Entre a imponência do Pico Paraná, o ponto mais alto da Região Sul, e o silêncio de uma vila abandonada, Antonina guarda contrastes que surpreendem. No litoral do Paraná, natureza exuberante e ruínas humanas dividem o mesmo cenário.
Enquanto trilhas atraem aventureiros, construções vazias contam uma história de progresso, abandono e memória.
Entre trilhas e ruínas: a montanha famosa e a vila esquecida
Com 1.877 metros de altitude, o Pico Paraná se ergue na Serra do Mar como um dos símbolos do montanhismo brasileiro. Localizado em Antonina, o cume oferece vistas amplas da Mata Atlântica e desafia visitantes com trilhas íngremes, variações climáticas e longas caminhadas.
Todos os anos, praticantes de ecoturismo movimentam a economia local, em busca do nascer do sol no topo e do contato direto com a floresta preservada.
A poucos quilômetros desse cenário de aventura, outra paisagem chama atenção, mas por motivos opostos. Em meio à vegetação, surge uma antiga vila construída nos anos 1960 para abrigar operários da Usina Hidrelétrica Governador Parigot de Souza, a maior central subterrânea do Sul.
O conjunto tinha casas, hotel, escola, igrejas e áreas de lazer. Por décadas, funcionou como uma pequena cidade planejada, autossuficiente e cheia de vida.
Com o passar do tempo, aposentadorias, transferências e a falta de novos investimentos esvaziaram o lugar. Parte da vila chegou a ser rebatizada e alugada para eventos, mas, a partir de 2019, o abandono se intensificou.

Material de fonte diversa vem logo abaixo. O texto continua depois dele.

(* Let $X$ be a collectionwise normal Tychonoff space containing a non-trivial convergent sequence. If $F(X)$ has a $\mathfrak{G}$-base, then $X$ is $\aleph_1$-compact. *)

From Stdlib Require Import Reals List Classical ClassicalEpsilon.
Import ListNotations.
Open Scope R_scope.

Set Implicit Arguments.

Definition is_topology (T : Type) (op : (T -> Prop) -> Prop) : Prop :=
  op (fun _ => True) /\
  (forall U V, op U -> op V -> op (fun x => U x /\ V x)) /\
  (forall (I : Type) (U : I -> T -> Prop),
      (forall i, op (U i)) -> op (fun x => exists i, U i x)).

Definition closed (T : Type) (op : (T -> Prop) -> Prop) (A : T -> Prop) : Prop :=
  op (fun x => ~ A x).

Definition subset (T : Type) (A B : T -> Prop) : Prop := forall x, A x -> B x.

Definition T1 (T : Type) (op : (T -> Prop) -> Prop) : Prop :=
  forall x y : T, x <> y -> exists W, op W /\ W y /\ ~ W x.

Definition continuous_real (T : Type) (op : (T -> Prop) -> Prop) (f : T -> R) : Prop :=
  forall x eps, 0 < eps ->
    exists W, op W /\ W x /\ forall z, W z -> Rabs (f z - f x) < eps.

Definition tychonoff (T : Type) (op : (T -> Prop) -> Prop) : Prop :=
  T1 op /\
  forall (A : T -> Prop) (x : T), closed op A -> ~ A x ->
    exists f : T -> R, continuous_real op f /\
      (forall z, 0 <= f z <= 1) /\ f x = 0 /\ (forall a, A a -> f a = 1).

Definition discrete_family (T : Type) (op : (T -> Prop) -> Prop)
    (I : Type) (F : I -> T -> Prop) : Prop :=
  forall x, exists W, op W /\ W x /\
    forall i j, (exists z, W z /\ F i z) -> (exists z, W z /\ F j z) -> i = j.

Definition collectionwise_normal (T : Type) (op : (T -> Prop) -> Prop) : Prop :=
  T1 op /\
  forall (I : Type) (F : I -> T -> Prop),
    (forall i, closed op (F i)) -> discrete_family op F ->
    exists V : I -> T -> Prop,
      (forall i, op (V i)) /\ (forall i, subset (F i) (V i)) /\ discrete_family op V.

Definition converges (T : Type) (op : (T -> Prop) -> Prop) (s : nat -> T) (p : T) : Prop :=
  forall W, op W -> W p -> exists N, forall n, (N <= n)%nat -> W (s n).

Definition has_nontrivial_convergent_seq (T : Type) (op : (T -> Prop) -> Prop) : Prop :=
  exists (s : nat -> T) (p : T),
    (forall m n, s m = s n -> m = n) /\ (forall n, s n <> p) /\ converges op s p.

Definition countable (T : Type) (A : T -> Prop) : Prop :=
  exists f : T -> nat, forall a b, A a -> A b -> f a = f b -> a = b.

Definition accumulation_point (T : Type) (op : (T -> Prop) -> Prop) (A : T -> Prop) (p : T) : Prop :=
  forall W, op W -> W p -> exists z, W z /\ A z /\ z <> p.

Definition aleph1_compact (T : Type) (op : (T -> Prop) -> Prop) : Prop :=
  forall A : T -> Prop, ~ countable A -> exists p, accumulation_point op A p.

Section FreeGroup.
Variable X : Type.

Definition letter := (X * bool)%type.

Definition cancelsP (a b : letter) : Prop := fst a = fst b /\ snd a <> snd b.

Fixpoint reduced (w : list letter) : Prop :=
  match w with
  | a :: ((b :: _) as w') => ~ cancelsP a b /\ reduced w'
  | _ => True
  end.

Definition push (a : letter) (w : list letter) : list letter :=
  match w with
  | b :: w' => if excluded_middle_informative (cancelsP a b) then w' else a :: w
  | nil => [a]
  end.

Definition reduce (w : list letter) : list letter := fold_right push nil w.

Lemma push_reduced a w : reduced w -> reduced (push a w).
Proof.
  destruct w as [|b w']; simpl; [tauto|].
  intro H. destruct (excluded_middle_informative (cancelsP a b)) as [Hc|Hc].
  - destruct w'; simpl in *; tauto.
  - simpl. split; assumption.
Qed.

Lemma reduce_reduced w : reduced (reduce w).
Proof.
  induction w as [|a w IH]; simpl; [exact I|]. apply push_reduced, IH.
Qed.

Definition FA : Type := { w : list letter | reduced w }.

Definition FA_one : FA := exist _ nil I.

Definition FA_mul (u v : FA) : FA :=
  exist _ (reduce (proj1_sig u ++ proj1_sig v)) (reduce_reduced _).

Definition flip (a : letter) : letter := (fst a, negb (snd a)).

Definition FA_inv (u : FA) : FA :=
  exist _ (reduce (rev (map flip (proj1_sig u)))) (reduce_reduced _).

Definition FA_of (x : X) : FA := exist _ [(x, true)] I.

End FreeGroup.

Definition is_group_topology (X : Type) (op : (FA X -> Prop) -> Prop) : Prop :=
  is_topology op /\
  (forall a b W, op W -> W (FA_mul a b) ->
     exists U V, op U /\ op V /\ U a /\ V b /\
       forall u v, U u -> V v -> W (FA_mul u v)) /\
  (forall W, op W -> op (fun g => W (FA_inv g))).

(** Neighbourhoods of the identity in the (Markov) free topological group F(X):
    the topology of F(X) is the finest group topology on FA(X) making
    X -> FA(X) continuous, i.e. the supremum of all such group topologies.
    Since this family is closed under finite suprema, a set is a
    neighbourhood of e in F(X) iff it is a neighbourhood of e in one of them. *)
Definition free_nbhd_one (X : Type) (tau : (X -> Prop) -> Prop) (U : FA X -> Prop) : Prop :=
  exists op : (FA X -> Prop) -> Prop,
    is_group_topology op /\
    (forall W, op W -> tau (fun x => W (FA_of x))) /\
    exists W, op W /\ W (FA_one X) /\ subset W U.

Definition free_group_has_G_base (X : Type) (tau : (X -> Prop) -> Prop) : Prop :=
  exists U : (nat -> nat) -> FA X -> Prop,
    (forall alpha, free_nbhd_one tau (U alpha)) /\
    (forall alpha beta, (forall n, (alpha n <= beta n)%nat) -> subset (U beta) (U alpha)) /\
    (forall V, free_nbhd_one tau V -> exists alpha, subset (U alpha) V).

(* Suppose [A] is uncountable and closed discrete, and let [U al] ([al] in [N^N]) be a
   G-base at the identity of F(X).  For [a] in [A] the conjugates [a^-1 p^-1 s_m a] converge
   to the identity, so a diagonal argument over the monotone base shows that for every [al]
   some finite prefix [sg] of [al] "captures" uncountably many [a]: some [a^-1 p^-1 s_m a]
   lies in [U be] for every [be] extending [sg].  Choosing distinct such points [b_sg] (with
   their [m_sg]) for the countably many [sg] gives a closed discrete sequence, and
   collectionwise normality yields a continuous [u] vanishing on [{p} U {s_m}] with
   [u b_sg = / t (s m_sg)], where [t] is continuous with [t p = 0 < t (s m)].  The
   homomorphism from F(X) to the real Heisenberg group induced by [x |-> (t x, u x, 0)] is
   continuous and maps [a^-1 p^-1 y a] to a point with third coordinate [(t y - t p) * u a],
   which is [1] at every chosen conjugate, so the identity neighbourhood [|h3| < 1] contains
   no [U al]. *)

From Stdlib Require Import Reals List Classical ClassicalEpsilon Lra Lia Cantor.
From Stdlib Require Import FunctionalExtensionality PropExtensionality.
From Coquelicot Require Import Coquelicot.
From Pilot Require Import Defs.
Import ListNotations.
Open Scope R_scope.
Set Implicit Arguments.

Section Topology.
Variables (T : Type) (tau : (T -> Prop) -> Prop).
Hypothesis Htop : is_topology tau.

Lemma open_of_local (S : T -> Prop) :
  (forall x, S x -> exists W, tau W /\ W x /\ subset W S) -> tau S.
Proof.
  destruct Htop as [_ [_ Hunion]]. intro Hloc.
  destruct (choice (fun (i : {x | S x}) W => tau W /\ W (proj1_sig i) /\ subset W S))
    as [W HW].
  { intros [x Sx]. exact (Hloc x Sx). }
  replace S with (fun y => exists i, W i y).
  - apply Hunion. intro i. apply HW.
  - apply functional_extensionality; intro y; apply propositional_extensionality; split.
    + intros [i Wy]. exact (proj2 (proj2 (HW i)) y Wy).
    + intro Sy. exists (exist _ y Sy). apply HW.
Qed.

Lemma open_inter (U V : T -> Prop) : tau U -> tau V -> tau (fun x => U x /\ V x).
Proof. destruct Htop as [_ [Hinter _]]. auto. Qed.

Lemma open_fin_inter (x : T) (Q : nat -> T -> Prop) (N : nat) :
  (forall m, (m < N)%nat -> exists W, tau W /\ W x /\ subset W (Q m)) ->
  exists W, tau W /\ W x /\ forall z, W z -> forall m, (m < N)%nat -> Q m z.
Proof.
  induction N as [|N IH]; intro HQ.
  - exists (fun _ => True). split; [apply Htop|]. split; [exact I|]. intros; lia.
  - destruct IH as [W1 [HW1 [W1x W1Q]]]. { intros m Hm. apply HQ. lia. }
    destruct (HQ N) as [W2 [HW2 [W2x W2Q]]]; [lia|].
    exists (fun z => W1 z /\ W2 z). split; [apply open_inter; auto|]. split; [auto|].
    intros z [W1z W2z] m Hm. destruct (Nat.eq_dec m N) as [->|Hne]; auto.
    apply W1Q; auto; lia.
Qed.

Lemma closed_compl (S : T -> Prop) : tau S -> closed tau (fun x => ~ S x).
Proof.
  intro HS. apply open_of_local. intros x Hx.
  exists S. split; [exact HS|]. split; [exact (NNPP _ Hx)|]. intros z Sz Hz. exact (Hz Sz).
Qed.

Lemma closed_eq (b : T) : T1 tau -> closed tau (fun x => x = b).
Proof.
  intro HT1. apply open_of_local. intros x Hx.
  destruct (HT1 b x) as [W [HW [Wx Wb]]]. { intros ->. apply Hx. reflexivity. }
  exists W. split; [exact HW|]. split; [exact Wx|]. intros z Wz ->. exact (Wb Wz).
Qed.

Lemma discrete_family_sub (I : Type) (F G : I -> T -> Prop) :
  (forall i, subset (F i) (G i)) -> discrete_family tau G -> discrete_family tau F.
Proof.
  intros FG HG x. destruct (HG x) as [W [HW [Wx HWG]]].
  exists W. split; [exact HW|]. split; [exact Wx|].
  intros i j [z [Wz Fz]] [z' [Wz' Fz']].
  apply HWG; [exists z | exists z']; split; auto; apply FG; assumption.
Qed.

Lemma discrete_family_points (A : T -> Prop) (I : Type) (b : I -> T) :
  (forall x, exists W, tau W /\ W x /\ forall z, W z -> A z -> z = x) ->
  (forall i, A (b i)) -> (forall i j, b i = b j -> i = j) ->
  discrete_family tau (fun i x => x = b i).
Proof.
  intros Hiso HA Hinj x. destruct (Hiso x) as [W [HW [Wx HWA]]].
  exists W. split; [exact HW|]. split; [exact Wx|].
  intros i j [z [Wz ->]] [z' [Wz' ->]].
  apply Hinj. rewrite (HWA _ Wz (HA i)), (HWA _ Wz' (HA j)). reflexivity.
Qed.

Lemma isolated_of_no_accumulation (A : T -> Prop) :
  ~ (exists p, accumulation_point tau A p) ->
  forall x, exists W, tau W /\ W x /\ forall z, W z -> A z -> z = x.
Proof.
  intros Hno x. apply NNPP. intro Hx. apply Hno. exists x. intros W HW Wx.
  apply NNPP. intro HWx. apply Hx. exists W. split; [exact HW|]. split; [exact Wx|].
  intros z Wz Az. apply NNPP. intro Hzx. apply HWx. exists z. auto.
Qed.

Lemma continuous_real_const (c : R) : continuous_real tau (fun _ => c).
Proof.
  intros x e He. exists (fun _ => True). split; [apply Htop|]. split; [exact I|].
  intros z _. rewrite Rminus_diag, Rabs_R0. exact He.
Qed.

Lemma continuous_real_affine (f : T -> R) (a b : R) :
  continuous_real tau f -> continuous_real tau (fun x => a * f x + b).
Proof.
  intros Hf x e He.
  assert (Ha : 0 < Rabs a + 1) by (pose proof (Rabs_pos a); lra).
  destruct (Hf x (e / (Rabs a + 1))) as [W [HW [Wx Hfz]]].
  { apply Rdiv_lt_0_compat; assumption. }
  exists W. split; [exact HW|]. split; [exact Wx|]. intros z Wz.
  replace (a * f z + b - (a * f x + b)) with (a * (f z - f x)) by ring.
  rewrite Rabs_mult.
  assert (Hd : Rabs (f z - f x) * (Rabs a + 1) < e).
  { specialize (Hfz z Wz). apply Rmult_lt_compat_r with (r := Rabs a + 1) in Hfz; [|exact Ha].
    unfold Rdiv in Hfz. rewrite Rmult_assoc, Rinv_l, Rmult_1_r in Hfz by lra. exact Hfz. }
  pose proof (Rabs_pos a). pose proof (Rabs_pos (f z - f x)). nra.
Qed.

Definition seq_and_limit (s : nat -> T) (p : T) (x : T) : Prop :=
  x = p \/ exists m, x = s m.

Hypothesis Hty : tychonoff tau.

Lemma tychonoff_hausdorff (x y : T) : x <> y ->
  exists U V, tau U /\ tau V /\ U x /\ V y /\ forall z, U z -> V z -> False.
Proof.
  intro Hxy. destruct Hty as [HT1 Hcr].
  destruct (Hcr (fun z => z = y) x (closed_eq y HT1) Hxy) as [f [Hf [_ [fx fy]]]].
  specialize (fy y eq_refl).
  destruct (Hf x (1/2)) as [U [HU [Ux HUf]]]; [lra|].
  destruct (Hf y (1/2)) as [V [HV [Vy HVf]]]; [lra|].
  exists U, V. do 4 (split; [assumption|]). intros z Uz Vz.
  specialize (HUf z Uz). specialize (HVf z Vz). rewrite fx in HUf. rewrite fy in HVf.
  apply Rabs_def2 in HUf. apply Rabs_def2 in HVf. lra.
Qed.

Hoje, muitas construções estão depredadas, tomadas pelo mato e pelo silêncio. Restam poucos moradores e uma escola em funcionamento, enquanto o restante se transforma em um retrato melancólico de um projeto que perdeu sua função.
Entre o Pico Paraná e a vila esquecida, Antonina revela como natureza e história coexistem, atraindo curiosos, aventureiros e pesquisadores que buscam entender o passado e o presente local ali.